In this vein, former Bill Shorten staffer Nick Dyrenfurth had a screed published in the Fairfax press on the weekend extolling the virtues of something called post-liberalism (the Chifley Research Centre published a non-edited full version). The premise of it as an ideology is hard to define, which is why articles on it tend to call it a "disposition" rather than a coherent creed. Its very elusiveness is part of its construction at this point. The final paragraph of a Financial Times article from May 2012 from one of its architects from the Demos think tank perhaps summed it up best:
The story of British politics since Margaret Thatcher has been described as the right winning the economic argument and the left winning the cultural one. Starting from where we are today the reverse would make better post-liberal sense and, if the current fiscal orthodoxy fails, it may be the only way to unstick British politics.
The following are the core tenets of post-liberalism, that I can figure out. Thatcher and Reagan, with Francis Fukuyama as their John the Baptist, were supposed to have heralded the end of history by establishing economic and cultural liberalism as the omega point for civilisation, after which no improvement could be made. This has led to the left and right sides of two-party systems in western democracies losing their competitive edge, as they both adhere to this liberal orthodoxy with only minor disagreement as to the details of its execution. The GFC has shot this orthodoxy to pieces by proving that a system based almost exclusively on personal freedom, individual rights and open markets can still fail disastrously and cause the global depression we now know as secular stagnation. The GFC culminated in the bail-outs, which went against everything that liberalism stood for and, to make matters worse... they worked. Nevertheless, the status quo's hold on political elites is so strong that nothing new has been able to get any sunlight to grow past these withered old vines, and the crisis that started in 2008 shows no signs of abating for most of the 99%.

So far, so good. I'm with the post-liberals on this critique, all the way. It's a tough situation to solve with just one ideology. I'm glad someone is stepping up to the crease to swing for the fences.

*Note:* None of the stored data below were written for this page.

(* Let $p\colon X\to B$ be a Boolean set. Let $X^{\ast}$ be the set of ultrafilters of $(X,\le)$, topologized by the basis of sets $L(a)=\{G\in X^{\ast}: a\in G\}$, $a\in X$, and let $B^{\ast}$ be the set of ultrafilters of $B$ with the Stone topology (basis $M(b)=\{F\in B^{\ast}: b\in F\}$, $b\in B$). Let $\widetilde p\colon X^{\ast}\to B^{\ast}$ be $G\mapsto p(G)$ (which is an ultrafilter of $B$). Then $\widetilde p\colon X^{\ast}\to B^{\ast}$ is an étalé space, i.e. $\widetilde p$ is a surjective local homeomorphism (and $B^{\ast}$ is a Boolean space).
   Context: Convention: a ''Boolean algebra'' means a generalized Boolean algebra (relatively complemented distributive lattice with $0$). Presheaf of sets over a meet semilattice $E$: pairwise disjoint sets $X_e$, restriction maps $x\mapsto x|^e_f$ for $e\ge f$ with $|^e_e=\mathrm{id}$ and $(x|^e_f)|^f_g=x|^e_g$; $p(x)=e$ iff $x\in X_e$; global support: all $X_e\neq\emptyset$. Order: $x\le y$ iff $p(x)\le p(y)$ and $x=y|^{p(y)}_{p(x)}$. Compatibility $x\sim y$: $x\wedge y$ exists and $p(x\wedge y)=p(x)\wedge p(y)$. A Boolean set is a presheaf $p\colon X\to B$ with global support over a Boolean algebra $B$ such that $(X,\le)$ has least element $0$, compatible pairs have joins, and $p(x)=0\Rightarrow x=0$. Filter: non-empty, down directed, upwardly closed subset; ultrafilter: maximal proper filter. An étalé space is a triple $(E,p,Y)$ with $p\colon E\to Y$ a surjective local homeomorphism; a Boolean space is a Hausdorff space with a basis of compact-open sets. *)

(* B is a generalized Boolean algebra, i.e. a
   sectionally complemented distributive lattice with bottom
   (mathcomp's cbDistrLatticeType). Sets are predicates T -> Prop. *)
From HB Require Import structures.
From Stdlib Require List.
From mathcomp Require Import all_boot all_order.
Set Implicit Arguments. Unset Strict Implicit. Unset Printing Implicit Defensive.
Import Order.TTheory.
Local Open Scope order_scope.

So, what is this solution we're all waiting for? Post-liberalism sets up some oppositions.

  • Instead of liberalism's tendency towards centralised government, post-liberalism seeks to devolve decision making on policy for public institutions away from bureaucracies and towards professional guilds, community groups and other smaller local bodies;
  • Instead of liberalism's ambivalence towards capitalism's historical predilection for accreting national oligopolies, post-liberalism foresees the establishment of regional banks and various measures to encourage easier money at a local level; mandated appointment of employees to corporate boards to break up the old boys club; and something called the "mutualisation of markets", which is rather nebulous but indirectly suggests a carbon price;
  • Instead of liberalism's reification of the openness of markets as a secular end in itself, post-liberalism seeks to reapply a moral framework over discussion of economic issues, with - undeniably - a strong Christian element, specifically Catholic;
  • Instead of liberalism's emphasis on open borders to encourage free movement of labour, post-liberalism would cut immigration but also focus on building "social housing" for those immigrants they do let through;
  • Instead of liberalism's attacks on entitlements to social security and unemployment benefits, post-liberalism emphasises the "contributory element of the welfare system", which means a higher pension or dole for those who have paid into the system previously, but denying benefits to recent immigrants or the young;
  • Instead of liberalism's attacks on the minimum wage, post-liberalism encourages companies to set their own "living wage" at much higher than the official minimum wage, as KPMG does with its staff in London with apparently net-positive results.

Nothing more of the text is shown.